#### WORK TO BE COMPLETED:
Please repeat the line that contains "Lemma rhoK i a : rho i (rho i a) = a." and every line after it, exactly, through the end of the records.

Stored data entries:
<<<<
(* Let $\mathcal C=\mathcal C(I,A,(\rho_i)_{i\in I},(C^a)_{a\in A})$ be a connected Cartan scheme and $\mathcal R=\mathcal R(\mathcal C,(R^a)_{a\in A})$ a root system of type $\mathcal C$. Let $I'\subset I$, $I''=I\setminus I'$, and assume $I'\neq\emptyset\neq I''$. For $a\in A$ put $\hat R^a=(R^a\cap\sum_{i\in I'}\mathbb Z\alpha_i)\cup(R^a\cap\sum_{i\in I''}\mathbb Z\alpha_i)$. The following are equivalent: (1) there exists $a\in A$ with $c^a_{ij}=0$ for all $i\in I'$, $j\in I''$; (2) $c^a_{ij}=c^a_{ji}=0$ for all $a\in A$, $i\in I'$, $j\in I''$; (3) $\mathcal R(\mathcal C,(\hat R^a)_{a\in A})$ is a root system of type $\mathcal C$. If $\mathcal R$ is finite, then (1)–(3) are also equivalent to each of: (4) $\hat R^a=R^a$ for all $a\in A$; (5) $\mathcal R$ is the direct sum of its restrictions to $I'$ and $I''$, i.e. $R^a=(R^a\cap\sum_{i\in I'}\mathbb Z\alpha_i)\cup(R^a\cap\sum_{j\in I''}\mathbb Z\alpha_j)$ for all $a\in A$.
   Context: Let $I$ be a nonempty finite set and $\{\alpha_i\mid i\in I\}$ the standard basis of $\mathbb Z^I$; $\mathbb N_0=\{0,1,2,\dots\}$. A generalized Cartan matrix is $C=(c_{ij})_{i,j\in I}\in\mathbb Z^{I\times I}$ with $c_{ii}=2$, $c_{jk}\le0$ for $j\ne k$, and $c_{ij}=0\Rightarrow c_{ji}=0$. A Cartan scheme $\mathcal C=\mathcal C(I,A,(\rho_i)_{i\in I},(C^a)_{a\in A})$ consists of a nonempty set $A$, maps $\rho_i:A\to A$ and generalized Cartan matrices $C^a=(c^a_{jk})_{j,k\in I}$ such that (C1) $\rho_i^2=\mathrm{id}$ and (C2) $c^a_{ij}=c^{\rho_i(a)}_{ij}$ for all $a\in A$, $i,j\in I$. It is connected if the group generated by the $\rho_i$ acts transitively on $A$. For $i\in I$, $a\in A$ let $\sigma_i^a\in\mathrm{Aut}(\mathbb Z^I)$, $\sigma_i^a(\alpha_j)=\alpha_j-c^a_{ij}\alpha_i$. A root system of type $\mathcal C$ is a family $\mathcal R=\mathcal R(\mathcal C,(R^a)_{a\in A})$ of subsets $R^a\subset\mathbb Z^I$ such that, writing $R^a_+=R^a\cap\mathbb N_0^I$ and $m^a_{i,j}=|R^a\cap(\mathbb N_0\alpha_i+\mathbb N_0\alpha_j)|$, for all $a\in A$, $i,j\in I$: (R1) $R^a=R^a_+\cup(-R^a_+)$; (R2) $R^a\cap\mathbb Z\alpha_i=\{\alpha_i,-\alpha_i\}$; (R3) $\sigma_i^a(R^a)=R^{\rho_i(a)}$; (R4) if $i\neq j$ and $m^a_{i,j}$ is finite then $(\rho_i\rho_j)^{m^a_{i,j}}(a)=a$. It is finite if every $R^a$ is finite. *)

From HB Require Import structures.
From mathcomp Require Import all_boot all_order all_algebra.
Set Implicit Arguments. Unset Strict Implicit. Unset Printing Implicit Defensive.
Import Order.TTheory GRing.Theory Num.Theory.
Local Open Scope ring_scope.

Notation zvec I := {ffun I -> int}.

Definition alpha (I : finType) (i : I) : zvec I := [ffun j => ((i == j) : nat)%:Z].

Definition is_gcm (I : finType) (c : I -> I -> int) : Prop :=
  (forall i, c i i = 2) /\
  (forall j k, j != k -> c j k <= 0) /\
  (forall i j, c i j = 0 -> c j i = 0).

Definition is_cartan_scheme (I : finType) (A : Type)
    (rho : I -> A -> A) (C : A -> I -> I -> int) : Prop :=
  inhabited A /\
  (forall a, is_gcm (C a)) /\
  (forall i a, rho i (rho i a) = a) /\
  (forall a i j, C a i j = C (rho i a) i j).

(* connected: the group generated by the rho_i acts transitively on A
   (since the rho_i are involutions, group elements are words in the rho_i) *)
Definition cs_connected (I : finType) (A : Type) (rho : I -> A -> A) : Prop :=
  forall a b : A, exists s : seq I, foldr (fun i x => rho i x) a s = b.

(* sigma_i^a (alpha_j) = alpha_j - c^a_ij alpha_i, extended linearly *)
Definition sigma (I : finType) (A : Type) (C : A -> I -> I -> int)
    (i : I) (a : A) (v : zvec I) : zvec I :=
  [ffun j => v j - (if j == i then \sum_k C a i k * v k else 0)].

Definition nonneg_vec (I : finType) (v : zvec I) : Prop := forall i, 0 <= v i.

Definition in_cone2 (I : finType) (i j : I) (v : zvec I) : Prop :=
  exists p q : nat, v = alpha i *+ p + alpha j *+ q.

Definition has_card (I : finType) (P : zvec I -> Prop) (n : nat) : Prop :=
  exists s : seq (zvec I), uniq s /\ size s = n /\ (forall v, P v <-> v \in s).

Definition is_root_system (I : finType) (A : Type)
    (rho : I -> A -> A) (C : A -> I -> I -> int)
    (R : A -> zvec I -> Prop) : Prop :=
  (forall a v, R a v <-> ((R a v /\ nonneg_vec v) \/ (R a (- v) /\ nonneg_vec (- v)))) /\
  (forall a i v, (R a v /\ exists k : int, v = alpha i *~ k) <->
                 (v = alpha i \/ v = - alpha i)) /\
  (forall a i w, R (rho i a) w <-> exists v, R a v /\ sigma C i a v = w) /\
  (forall a i j, i != j -> forall n : nat,
       has_card (fun v => R a v /\ in_cone2 i j v) n ->
       iter n (fun b => rho i (rho j b)) a = a).

Definition root_system_finite (I : finType) (A : Type) (R : A -> zvec I -> Prop) : Prop :=
  forall a, exists s : seq (zvec I), forall v, R a v <-> v \in s.

(* v in sum_{i in J} Z alpha_i *)
Definition supported_in (I : finType) (J : {set I}) (v : zvec I) : Prop :=
  forall i, i \notin J -> v i = 0.

Definition Rhat (I : finType) (A : Type) (R : A -> zvec I -> Prop) (J : {set I})
    (a : A) (v : zvec I) : Prop :=
  (R a v /\ supported_in J v) \/ (R a v /\ supported_in (~: J) v).

From HB Require Import structures.
From mathcomp Require Import all_boot all_order all_algebra zify ring.
From Stdlib Require Import Classical FunctionalExtensionality PropExtensionality.
Import Order.TTheory GRing.Theory Num.Theory.
Set Implicit Arguments. Unset Strict Implicit. Unset Printing Implicit Defensive.
Local Open Scope ring_scope.

(* If C^a is block diagonal for the partition (I', I'') and k is in I', then
   so is C^(rho_k a): otherwise some c^(rho_k a)_ji with i in I', j in I'' is
   nonzero, and w = sigma_k sigma_j alpha_i is a root of a whose coordinates in
   I'' vanish except at j, so sigma_j^a flips the sign of w_j but not of w_i,
   against the sign coherence of roots.  By connectedness (1) gives (2).
   Block diagonal Cartan matrices make every reflection preserve the two
   coordinate subspaces, which yields (R1)-(R3) for the restricted family, and
   (R4) holds because a rank two cone spanned by simple roots of different
   blocks contains no root.  Conversely sigma_i(alpha_j) must lie in one block,
   forcing c_ij = 0.
   For finite R take a word s in the reflections of I' such that s^-1(alpha_k)
   is negative for all k in I'; it exists because extending s by a k violating
   this strictly increases the number of positive roots made negative.  A
   positive root v with a nonzero coordinate in I'' is sent by s to a positive
   root u; expanding u in simple roots and pulling back shows that the
   coordinates of v in I' are non-positive, hence zero. *)

Section Coordinates.
Variable I : finType.
Implicit Types (u v : zvec I) (i j : I).

Definition nonpos_vec v : Prop := forall i, v i <= 0.

Lemma alphaE i j : alpha i j = ((i == j) : nat)%:Z.
Proof. by rewrite ffunE. Qed.

Lemma sum_mul_alpha (f : I -> int) j : \sum_k f k * alpha j k = f j.
Proof.
rewrite (bigD1 j) //= big1 ?addr0 => [|k /negPf nkj]; first by rewrite alphaE eqxx mulr1.
by rewrite alphaE eq_sym nkj mulr0.
Qed.

Lemma zvecDE u v i : (u + v) i = u i + v i. Proof. by rewrite ffunE. Qed.
Lemma zvecNE v i : (- v) i = - v i. Proof. by rewrite ffunE. Qed.
Lemma zvecMnE v n i : (v *+ n) i = v i *+ n. Proof. exact: ffunMnE. Qed.
Lemma zvecMzE v n i : (v *~ n) i = v i * n. Proof. by rewrite ffunMzE mulrzz. Qed.

End Coordinates.

Definition zvecE := (zvecDE, zvecNE, zvecMnE, zvecMzE, alphaE).

Lemma zvec_decomp (I : finType) (u : zvec I) : u = \sum_l alpha l *~ u l.
Proof.
apply/ffunP => t; rewrite sum_ffunE -[LHS](sum_mul_alpha u t).
by apply: eq_bigr => l _; rewrite !zvecE eq_sym mulrC.
Qed.

Section Reflections.
Variables (I : finType) (A : Type) (C : A -> I -> I -> int).

Definition cartan_pair (a : A) (i : I) (v : zvec I) : int := \sum_k C a i k * v k.

Lemma cartan_pairB a i : {morph cartan_pair a i : x y / x - y}.
Proof.
by move=> x y; rewrite /cartan_pair -sumrB; apply: eq_bigr => k _; rewrite !ffunE mulrBr.
Qed.

HB.instance Definition _ a i :=
  GRing.isZmodMorphism.Build (zvec I) int (cartan_pair a i) (cartan_pairB a i).

Lemma cartan_pair_alpha a i j : cartan_pair a i (alpha j) = C a i j.
Proof. exact: sum_mul_alpha. Qed.

Lemma sigmaE a i v : sigma C i a v = v - alpha i *~ cartan_pair a i v.
Proof.
apply/ffunP => j; rewrite ffunE !zvecE eq_sym.
by case: (i == j); rewrite ?mul1r ?mul0r.
Qed.

Lemma sigmaB a i : {morph sigma C i a : x y / x - y}.
Proof. by move=> x y; apply/ffunP => t; rewrite !sigmaE raddfB !zvecE; ring. Qed.

HB.instance Definition _ a i :=
  GRing.isZmodMorphism.Build (zvec I) (zvec I) (sigma C i a) (sigmaB a i).

Lemma sigma_alpha a i j : sigma C i a (alpha j) = alpha j - alpha i *~ C a i j.
Proof. by rewrite sigmaE cartan_pair_alpha. Qed.

Lemma sigma_neq a i v j : j != i -> sigma C i a v j = v j.
Proof. by move=> /negPf nji; rewrite ffunE nji subr0. Qed.

Lemma sigma_self a i v : sigma C i a v i = v i - cartan_pair a i v.
Proof. by rewrite ffunE eqxx. Qed.

Lemma sigmaK a b i v : C a i i = 2 -> (forall k, C b i k = C a i k) ->
  sigma C i b (sigma C i a v) = v.
Proof.
move=> Cii Cba; have pair_ba w : cartan_pair b i w = cartan_pair a i w.
  by apply: eq_bigr => k _; rewrite Cba.
rewrite sigmaE pair_ba {2}sigmaE raddfB raddfMz /= cartan_pair_alpha Cii.
by apply/ffunP => t; rewrite sigmaE !zvecE; ring.
Qed.

End Reflections.

Section RootSystem.
Variables (I : finType) (A : Type) (rho : I -> A -> A) (C : A -> I -> I -> int).
Variable R : A -> zvec I -> Prop.
Hypothesis rsR : is_root_system rho C R.

Lemma root_sign a v : R a v -> nonneg_vec v \/ nonpos_vec v.
Proof.
case: rsR => R1 _ /R1 [[_ v_ge0]|[_ vN_ge0]]; [left|right] => // i.
by have := vN_ge0 i; rewrite ffunE oppr_ge0.
Qed.

Lemma rootN a v : R a v -> R a (- v).
Proof.
case: rsR => R1 _ Rv; have /R1 [[_ v_ge0]|[//]] := Rv.
by apply/R1; right; rewrite opprK.
Qed.

Lemma root_alpha a i : R a (alpha i).
Proof.
by case: rsR => _ [R2 _]; have [_ /(_ (or_introl erefl)) []] := R2 a i (alpha i).
Qed.

Lemma root_sigma a i v : R a v -> R (rho i a) (sigma C i a v).
Proof. by case: rsR => _ [_ [R3 _]] Rv; apply/R3; exists v. Qed.

Lemma root_sigma_inv a i w : R (rho i a) w -> exists2 v, R a v & sigma C i a v = w.
Proof. by case: rsR => _ [_ [R3 _]] /R3 [v []]; exists v. Qed.

Lemma root_multiple_alpha a i v k :
  R a v -> v = alpha i *~ k -> v = alpha i \/ v = - alpha i.
Proof. by case: rsR => _ [R2 _] Rv vE; apply/(R2 a i v); split; last exists k. Qed.

Lemma roots_sign_conflict a b v w i j : R a v -> R b w ->
  v i = w i -> w j = - v j -> v i != 0 -> v j != 0 -> False.
Proof.
move=> /root_sign [] v_sgn /root_sign [] w_sgn;
  have := v_sgn i; have := v_sgn j; have := w_sgn i; have := w_sgn j; lia.
Qed.

End RootSystem.

Section SupportedIn.
Variable I : finType.
Implicit Types (J : {set I}) (v w : zvec I).

Lemma supported_inN J v : supported_in J (- v) <-> supported_in J v.
Proof. by split=> suppv m mJ; have := suppv m mJ; rewrite ?zvecNE; lia. Qed.

Lemma supported_inD J v w :
  supported_in J v -> supported_in J w -> supported_in J (v + w).
Proof. by move=> suppv suppw m mJ; rewrite ffunE suppv // suppw // addr0. Qed.

Lemma supported_inMn J v n : supported_in J v -> supported_in J (v *+ n).
Proof. by move=> suppv m mJ; rewrite ffunMnE suppv // mul0rn. Qed.

Lemma supported_in_alpha J (i : I) : i \in J -> supported_in J (alpha i).
Proof. by move=> iJ m mJ; rewrite alphaE; case: eqP mJ => // <-; rewrite iJ. Qed.

End SupportedIn.

Definition unmixed (I : finType) (J : {set I}) (v : zvec I) : Prop :=
  supported_in J v \/ supported_in (~: J) v.

Section Unmixed.
Variable I : finType.
Implicit Types (J : {set I}) (v : zvec I).

Lemma unmixedN J v : unmixed J (- v) <-> unmixed J v.
Proof. by rewrite /unmixed !supported_inN. Qed.

Lemma unmixed_alphaMn J (i : I) n : unmixed J (alpha i *+ n).
Proof.
by case: (boolP (i \in J)) => iJ; [left|right];
   apply/supported_inMn/supported_in_alpha; rewrite ?inE.
Qed.

Lemma unmixed_alpha J (i : I) : unmixed J (alpha i).
Proof. by rewrite -[alpha i]mulr1n; apply: unmixed_alphaMn. Qed.

End Unmixed.

Section Splitting.
Variables (I : finType) (A : Type) (C : A -> I -> I -> int).

Definition cartan_split (J : {set I}) (a : A) : Prop :=
  forall i l, i \in J -> l \notin J -> C a i l = 0 /\ C a l i = 0.

Lemma cartan_splitC J a : cartan_split J a -> cartan_split (~: J) a.
Proof.
by move=> split_a i l; rewrite !inE negbK => iJ lJ; have [] := split_a l i lJ iJ.
Qed.

Lemma sigma_supported J a i v : cartan_split J a ->
  supported_in J v -> supported_in J (sigma C i a v).
Proof.
move=> split_a suppv m mJ; rewrite ffunE suppv //.
case: eqP => [<-|_]; last by rewrite subr0.
rewrite big1 ?subr0 // => l _.
by case: (boolP (l \in J)) => lJ; [have [_ ->] := split_a l m lJ mJ; rewrite mul0r
                               | rewrite suppv // mulr0].
Qed.

Lemma sigma_unmixed J a i v :
  cartan_split J a -> unmixed J v -> unmixed J (sigma C i a v).
Proof.
by move=> split_a [suppv|suppv]; [left|right]; apply: sigma_supported suppv;
   last exact: cartan_splitC.
Qed.

End Splitting.

Section CartanScheme.
Variables (I : finType) (A : Type) (rho : I -> A -> A) (C : A -> I -> I -> int).
Hypothesis csC : is_cartan_scheme rho C.

Lemma cartan_diag a i : C a i i = 2.
Proof. by case: csC => _ [/(_ a) [] + _ _]. Qed.

Lemma cartan_zero_sym a i j : C a i j = 0 -> C a j i = 0.
Proof. by case: csC => _ [/(_ a) [_ [_ ]] + _]; apply. Qed.

Lemma rhoK i a : rho i (rho i a) = a.
Proof. by case: csC => _ [_ []]. Qed.

Lemma cartan_rho_row a i j : C (rho i a) i j = C a i j.
Proof. by case: csC => _ [_ [_ C2]]; rewrite -C2. Qed.

Lemma sigma_rhoK a i v : sigma C i (rho i a) (sigma C i a v) = v.
Proof. by apply: sigmaK; [exact: cartan_diag | move=> k; exact: cartan_rho_row]. Qed.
>>>>
#### ANSWER TO THIS EXERCISE:
Lemma rhoK i a : rho i (rho i a) = a.
Proof. by case: csC => _ [_ []]. Qed.

Lemma cartan_rho_row a i j : C (rho i a) i j = C a i j.
Proof. by case: csC => _ [_ [_ C2]]; rewrite -C2. Qed.

Lemma sigma_rhoK a i v : sigma C i (rho i a) (sigma C i a v) = v.
Proof. by apply: sigmaK; [exact: cartan_diag | move=> k; exact: cartan_rho_row]. Qed.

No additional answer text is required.